What is Fractional Factorial Design?
Video 1 provides the introduction to the fractional factorial design of experiments.
Fractional Factorial Design runs only a fraction of the full factorial design to screen the most important variables/factors that affect the response the most. For example, a 27 design of an experiment with seven variables of two levels for each factor will require 128 unique experiments to complete one full replication of the design. Running 128 experiments will be unnecessary and wasteful. Therefore, a fraction of the 128 experiments is run first to understand whether all seven variables are affecting the response or not. For example, 1/16th of the 128 experiments results in only eight experiments, which has seven degrees of freedom, and can be utilized to get enough information for the seven variables to screen out the most important ones. A stronger justification for the fractional factorial design of an experiment has been observed through the Principle of Factor Sparsity.
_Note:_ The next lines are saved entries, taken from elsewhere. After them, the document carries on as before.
(* Solving successively the equations at an extra star leaf, the star centre,
   the joining star leaf and the joining leaf of S^3_{q+1} expresses a, b, f, c
   through S and y. *)
Definition hub1_val t S y : R := S - t * y.
Definition link1_val t P S y : R := S - t * hub1_val t S y - (P - 1) * y.
Definition link2_val t P S y : R := S - t * link1_val t P S y - hub1_val t S y.
Definition hub2_val t P S y : R := S - t * link2_val t P S y - link1_val t P S y.

Lemma forced_vals_eqs t P S y :
  [/\ t * y = S - hub1_val t S y,
      t * hub1_val t S y = S - (link1_val t P S y + (P - 1) * y),
      t * link1_val t P S y = S - (hub1_val t S y + link2_val t P S y)
    & t * link2_val t P S y = S - (hub2_val t P S y + link1_val t P S y)].
Proof. by rewrite /hub2_val /link2_val /link1_val /hub1_val; split; ring. Qed.

(* The two remaining equations (at the centre of S^3_{q+1} and the definition
   of S), after eliminating d = (S - c)/(t + 1) and z = (S - c)/t and clearing
   the denominator t (t + 1), become linear forms in (S, y). *)
Definition tri_coef t Q : R := 2 * t + (t + 1) * (Q - 3).

Definition resid_hub2 t P Q S y : R :=
  t * (t + 1) * (t * hub2_val t P S y + link2_val t P S y - S)
  + tri_coef t Q * (S - hub2_val t P S y).

Definition resid_sum t P Q S y : R :=
  t * (t + 1) * (hub1_val t S y + link1_val t P S y + (P - 1) * y
                 + hub2_val t P S y + link2_val t P S y - S)
  + tri_coef t Q * (S - hub2_val t P S y).

Lemma resid_hub2_lin t P Q S y :
  resid_hub2 t P Q S y = resid_hub2 t P Q 1 0 * S + resid_hub2 t P Q 0 1 * y.
Proof. by rewrite /resid_hub2 /tri_coef /hub2_val /link2_val /link1_val /hub1_val; ring. Qed.

Lemma resid_sum_lin t P Q S y :
  resid_sum t P Q S y = resid_sum t P Q 1 0 * S + resid_sum t P Q 0 1 * y.
Proof. by rewrite /resid_sum /tri_coef /hub2_val /link2_val /link1_val /hub1_val; ring. Qed.

Lemma resid_det t P Q :
  resid_hub2 t P Q 1 0 * resid_sum t P Q 0 1 - resid_hub2 t P Q 0 1 * resid_sum t P Q 1 0
  = - (t * (t + 1)) * charU P Q t.
Proof.
by rewrite /resid_hub2 /resid_sum /tri_coef /hub2_val /link2_val /link1_val /hub1_val /charU; ring.
Qed.

(* The contribution of the triangle vertices and extra leaves of S^3_{q+1},
   once d and z are eliminated. *)
Lemma tri_leaf_identity Q {t S c d z : R} : (t + 1) * d = S - c -> t * z = S - c ->
  t * (t + 1) * (2 * d + (Q - 3) * z) = tri_coef t Q * (S - c).
Proof.
move=> hd hz.
have -> : t * (t + 1) * (2 * d + (Q - 3) * z) = 2 * t * ((t + 1) * d) + (t + 1) * (Q - 3) * (t * z).
  by ring.
by rewrite hd hz /tri_coef; ring.
Qed.

Lemma quotient_eqs_trivial {t P Q S a b y c d z f : R} : t < -3 -> charU P Q t != 0 ->
  quotient_eqs t P Q S a b y c d z f ->
  [/\ a = 0, b = 0, y = 0, c = 0 & [/\ d = 0, z = 0 & f = 0]].
Proof.
move=> ht hg [hS ea eb ey [ec ed ez ef]].
have t0 : t != 0 by apply/eqP => h; lra.
have t1 : t + 1 != 0 by apply/eqP => h; lra.
have ha : hub1_val t S y = a by rewrite /hub1_val; lra.
have hb : link1_val t P S y = b by rewrite /link1_val ha; lra.
have hf : link2_val t P S y = f by rewrite /link2_val ha hb; lra.
have hc : hub2_val t P S y = c by rewrite /hub2_val hb hf; lra.
have hd : (t + 1) * d = S - c by lra.
have hdz := tri_leaf_identity Q hd ez.
have r1 : resid_hub2 t P Q S y = 0.
  rewrite /resid_hub2 hc hf (_ : t * c + f - S = - (2 * d + (Q - 3) * z)); last by lra.
  by rewrite mulrN hdz addNr.
have r2 : resid_sum t P Q S y = 0.
  rewrite /resid_sum ha hb hc hf.
  rewrite (_ : a + b + (P - 1) * y + c + f - S = - (2 * d + (Q - 3) * z)); last by lra.
  by rewrite mulrN hdz addNr.
rewrite resid_hub2_lin in r1; rewrite resid_sum_lin in r2.
have [S0 y0] : S = 0 /\ y = 0.
  apply: det2_trivial r1 r2.
  by rewrite resid_det mulf_neq0 // oppr_eq0 mulf_neq0.
have a0 : a = 0 by rewrite -ha /hub1_val S0 y0; ring.
have b0 : b = 0 by rewrite -hb /link1_val ha a0 S0 y0; ring.
have f0 : f = 0 by rewrite -hf /link2_val ha hb a0 b0 S0; ring.
have c0 : c = 0 by rewrite -hc /hub2_val hb hf b0 f0 S0; ring.
have z0 : z = 0.
  by move: ez; rewrite S0 c0 subrr => /eqP; rewrite mulf_eq0 (negbTE t0) => /eqP.
have d0 : d = 0.
  have : (t + 1) * d = 0 by rewrite S0 c0 in ed; lra.
  by move/eqP; rewrite mulf_eq0 (negbTE t1) => /eqP.
by [].
Qed.

Lemma quotient_eqs_nontrivial {t P Q : R} : t < -3 -> 1 <= P -> charU P Q t = 0 ->
  exists S a b y c d z f, quotient_eqs t P Q S a b y c d z f /\ (a != 0 \/ b != 0).
Proof.
move=> ht hP hg.
have t0 : t != 0 by apply/eqP => h; lra.
have t1 : t + 1 != 0 by apply/eqP => h; lra.
have cancel_tt1 X : t * (t + 1) * X = 0 -> X = 0.
  by move/eqP; rewrite !mulf_eq0 (negbTE t0) (negbTE t1) => /eqP.
have := resid_det t P Q; rewrite hg mulr0 => hdet.
have [S [y [nz [r1 r2]]]] := det2_kernel hdet.
rewrite -resid_hub2_lin in r1; rewrite -resid_sum_lin in r2.
have [ey ea eb ef] := forced_vals_eqs t P S y.
rewrite /resid_hub2 /resid_sum in r1 r2.
set a := hub1_val t S y in r1 r2 ey ea eb ef.
set b := link1_val t P S y in r1 r2 ea eb ef.
set f := link2_val t P S y in r1 r2 eb ef.
set c := hub2_val t P S y in r1 r2 ef.
pose d := (S - c) / (t + 1); pose z := (S - c) / t.
have hd : (t + 1) * d = S - c by rewrite /d mulrC divfK.
have hz : t * z = S - c by rewrite /z mulrC divfK.
have hdz := tri_leaf_identity Q hd hz.
exists S, a, b, y, c, d, z, f; split; first split => //.
- apply/esym/eqP; rewrite -subr_eq0; apply/eqP/cancel_tt1; rewrite -r2 -hdz; ring.
- split => //; last by lra.
  by apply/eqP; rewrite -subr_eq0; apply/eqP/cancel_tt1; rewrite -r1 -hdz; ring.
have [a0 | a_nz] := eqVneq a 0; last by left.
right; apply/eqP => b0.
rewrite a0 b0 mulr0 in ey ea.
have : (t - P + 1) * y = 0 by lra.
move/eqP; rewrite mulf_eq0 => /orP [/eqP h | /eqP y0]; first by lra.
have S0 : S = 0 by rewrite y0 mulr0 in ey; lra.
by move: nz; rewrite S0 y0 eqxx; case.
Qed.
End QuotientSystem.

Local Ltac nat_cases :=
  repeat (match goal with |- context [if ?b then _ else _] =>
            case: (boolP b) => ?; try (exfalso; lia) end; rewrite /=).

Lemma sum_nat_const (R : nmodType) (w : nat -> R) (lo hi : nat) (v : R) :
  (forall k, (lo <= k < hi)%N -> w k = v) -> \sum_(lo <= k < hi) w k = v *+ (hi - lo).
Proof. by move=> hw; rewrite (eq_big_nat _ _ hw) sumr_const_nat. Qed.

Section ComplementEigenvalues.
Context {R : realFieldType} {p q : nat}.
Hypothesis p_ge1 : (1 <= p)%N.
Hypothesis q_ge3 : (3 <= q)%N.
Local Notation N := (p + q + 2)%N.

Definition adjU (i j : nat) : bool := U_edge p q i j || U_edge p q j i.

Definition nbsum (w : nat -> R) (j : nat) : R := \sum_(0 <= k < N) (adjU k j)%:R * w k.

Lemma Ucompl_entry (i j : 'I_N) :
  Ucompl_mx R p q i j = 1 - (i == j)%:R - (adjU i j)%:R.
Proof.
rewrite /Ucompl_mx /adjmx mxE /compl_rel (_ : U_rel i j = adjU i j) //.
have [<- | _] := eqVneq i j; last by case: (adjU i j); rewrite /= ?subr0 ?subrr.
by rewrite (_ : adjU i i = false) ?subrr ?subr0 //; rewrite /adjU /U_edge; lia.
Qed.

Lemma Ucompl_row {v : 'rV[R]_N} {w : nat -> R} : (forall i : 'I_N, v 0 i = w i) ->
  forall j : 'I_N, (v *m Ucompl_mx R p q) 0 j = \sum_(0 <= k < N) w k - w j - nbsum w j.
Proof.
move=> hw j; rewrite mxE.
under eq_bigr => i _ do rewrite Ucompl_entry hw !mulrBr mulr1.
rewrite !sumrB big_mkord /nbsum big_mkord; congr (_ - _ - _).
  rewrite (bigD1 j) //= eqxx mulr1 big1 ?addr0 // => i /negbTE ->; exact: mulr0.
by apply: eq_bigr => i _; rewrite mulrC.
Qed.

Definition eigen_eqs (t : R) (w : nat -> R) : Prop :=
  forall j, (j < N)%N -> t * w j = \sum_(0 <= k < N) w k - nbsum w j.

Lemma Ucompl_eigenvalueP (t : R) : eigenvalue (Ucompl_mx R p q) (t - 1) <->
  exists w : nat -> R, (exists2 j, (j < N)%N & w j != 0) /\ eigen_eqs t w.
Proof.
split.
- case/eigenvalueP => v hv /rV0Pn [i0 vi0].
  pose w k := v 0 (insubd i0 k).
  have hw (i : 'I_N) : v 0 i = w i by rewrite /w valKd.
  exists w; split; first by exists i0; rewrite // -hw.
  move=> j hj; have := Ucompl_row hw (Ordinal hj).
  by rewrite hv !mxE hw /=; lra.
- move=> [w [[j0 hj0 wj0] E]]; apply/eigenvalueP; exists (\row_j w j).
    apply/rowP => j; rewrite (Ucompl_row (w := w)) => [|i]; last by rewrite mxE.
    by have := E j (ltn_ord j); rewrite !mxE; lra.
  by apply/rV0Pn; exists (Ordinal hj0); rewrite mxE.
Qed.

Lemma eigen_eqs_ext {t : R} {w w' : nat -> R} :
  (forall k, (k < N)%N -> w k = w' k) -> eigen_eqs t w -> eigen_eqs t w'.
Proof.
move=> ww' E j hj; rewrite -ww' // E //.
by congr (_ - _); apply: eq_big_nat => k /andP [_ hk]; rewrite ww'.
Qed.

Lemma sum_indicator_pt (w : nat -> R) {a : nat} : (a < N)%N ->
  \sum_(0 <= k < N) (k == a)%:R * w k = w a.
Proof.
move=> ha; rewrite (bigD1_seq a) ?mem_index_iota ?iota_uniq //= eqxx mul1r.
by rewrite big1 ?addr0 // => k /negbTE ->; rewrite mul0r.
Qed.

Lemma nbsum_pt (w : nat -> R) (j a : nat) : (a < N)%N ->
  (forall k, adjU k j = (k == a)) -> nbsum w j = w a.
Proof.
move=> ha hj; rewrite -(sum_indicator_pt w ha).
by apply: eq_bigr => k _; rewrite hj.
Qed.

Lemma nbsum_pt2 (w : nat -> R) (j a b : nat) : (a < N)%N -> (b < N)%N -> a != b ->
  (forall k, adjU k j = (k == a) || (k == b)) -> nbsum w j = w a + w b.
Proof.
move=> ha hb hab hj.
rewrite -(sum_indicator_pt w ha) -(sum_indicator_pt w hb) -big_split /=.
apply: eq_bigr => k _; rewrite hj -mulrDl -natrD.
by case: (eqVneq k a) => [->|_]; rewrite ?(negbTE hab).
Qed.

Lemma nbsum_range (w : nat -> R) (j lo hi : nat) : (lo <= hi <= N)%N ->
  (forall k, adjU k j = (lo <= k < hi)%N) -> nbsum w j = \sum_(lo <= k < hi) w k.
Proof.
move=> /andP [lohi hiN] hj.
have vanish l h : (forall k, (l <= k < h)%N -> ~~ (lo <= k < hi)%N) ->
    \sum_(l <= k < h) (adjU k j)%:R * w k = 0.
  move=> hout; rewrite big_nat big1 // => k hk.
  by rewrite hj (negbTE (hout k hk)) mul0r.
rewrite /nbsum (@big_cat_nat _ _ _ lo 0 N) //; last exact: leq_trans hiN.
rewrite (@big_cat_nat _ _ _ hi lo N) // (vanish 0%N lo); last by move=> k; lia.
rewrite (vanish hi N); last by move=> k; lia.
rewrite /= add0r addr0; apply: eq_big_nat => k hk.
by rewrite hj hk mul1r.
Qed.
The Principal of Factor sparsity, Pareto Principal or the 80/20 Rule
Italian economist and sociologist Vilfredo Pareto (1848-1923) discovered that 80% of the wealth in Italy belonged to about 20% of the population. There are many situations that follow the same principle. Such as roughly 80% of effects come from 20% causes. Joseph Juran (1904-2008) suggested this principle as the Pareto Principle after the name of Vilfredo Pareto. In reality, only a few factors produce the significant effect in an experiment that involves many factors. In the design and analysis of experiments, the Pareto Principle is known as the Principle of Factor Sparsity (Box et al., 2005; Montgomery, 2019).